- **INPUT DATA**

--- START ---

Lemma ltn_count_lt (d : Order.disp_t) (T : porderType d) (L : seq T) r t :
  (r < t)%O -> r \in L -> (count (< r)%O L < count (< t)%O L)%N.
Proof.
move=> rt; elim: L => [//|z L IH]; rewrite inE => /orP[/eqP<-|rL] /=.
  rewrite ltxx rt add0n add1n ltnS; apply: sub_count => x /= xr.
  exact: lt_trans xr rt.
rewrite -addnS leq_add ?IH //; case: (boolP (z < r)%O) => // zr.
by rewrite (lt_trans zr rt).
Qed.

Section LyndonSpan.
Import GRing.Theory.
Local Open Scope ring_scope.
Variables (d : Order.disp_t) (X : orderType d) (p s : nat).
Local Notation ZX := (Zword X).
Implicit Types (x y w : seq X).

Lemma in_M0 : in_M (0 : ZX).
Proof. by exists [::]; rewrite big_nil. Qed.

Lemma in_MD (f g : ZX) : in_M f -> in_M g -> in_M (f + g).
Proof.
case=> [l1 [all1 ->]] [l2 [all2 ->]]; exists (l1 ++ l2).
by rewrite all_cat all1 all2 big_cat.
Qed.

Lemma in_MZ (f : ZX) z : in_M f -> in_M (f *~ z).
Proof.
case=> [l [all_l ->]]; exists [seq (t.1 * z, t.2) | t <- l]; split.
  by rewrite all_map; apply: sub_all all_l => t.
by rewrite big_map mulrz_suml; apply: eq_bigr => t _; rewrite mulrzA.
Qed.

Lemma in_M_shuffle x y : x != [::] -> y != [::] -> in_M (shuffle x y).
Proof.
by move=> x0 y0; exists [:: (1, (x, y))]; rewrite big_seq1 /= !lt0n !size_eq0 x0 y0.
Qed.

Lemma shuffle_count_mem x y (t : seq X) : shuffle x y =
  << t >> *+ count_mem t (shuffles x y) + \sum_(r <- shuffles x y | r != t) << r >>.
Proof.
rewrite /shuffle (bigID (pred1 t)) /=; congr (_ + _).
by rewrite (eq_bigr (fun=> << t >>)) => [|r /eqP->]; rewrite // big_const_seq iter_addr_0.
Qed.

--- END ---

The reply must hold exactly the lines from the one containing "Local Notation ZX := (Zword X)." to the last line of the entries, and nothing more.

- **ANSWER SECTION**
Local Notation ZX := (Zword X).
Implicit Types (x y w : seq X).

Lemma in_M0 : in_M (0 : ZX).
Proof. by exists [::]; rewrite big_nil. Qed.

Lemma in_MD (f g : ZX) : in_M f -> in_M g -> in_M (f + g).
Proof.
case=> [l1 [all1 ->]] [l2 [all2 ->]]; exists (l1 ++ l2).
by rewrite all_cat all1 all2 big_cat.
Qed.

Lemma in_MZ (f : ZX) z : in_M f -> in_M (f *~ z).
Proof.
case=> [l [all_l ->]]; exists [seq (t.1 * z, t.2) | t <- l]; split.
  by rewrite all_map; apply: sub_all all_l => t.
by rewrite big_map mulrz_suml; apply: eq_bigr => t _; rewrite mulrzA.
Qed.

Lemma in_M_shuffle x y : x != [::] -> y != [::] -> in_M (shuffle x y).
Proof.
by move=> x0 y0; exists [:: (1, (x, y))]; rewrite big_seq1 /= !lt0n !size_eq0 x0 y0.
Qed.

Lemma shuffle_count_mem x y (t : seq X) : shuffle x y =
  << t >> *+ count_mem t (shuffles x y) + \sum_(r <- shuffles x y | r != t) << r >>.
Proof.
rewrite /shuffle (bigID (pred1 t)) /=; congr (_ + _).
by rewrite (eq_bigr (fun=> << t >>)) => [|r /eqP->]; rewrite // big_const_seq iter_addr_0.
Qed.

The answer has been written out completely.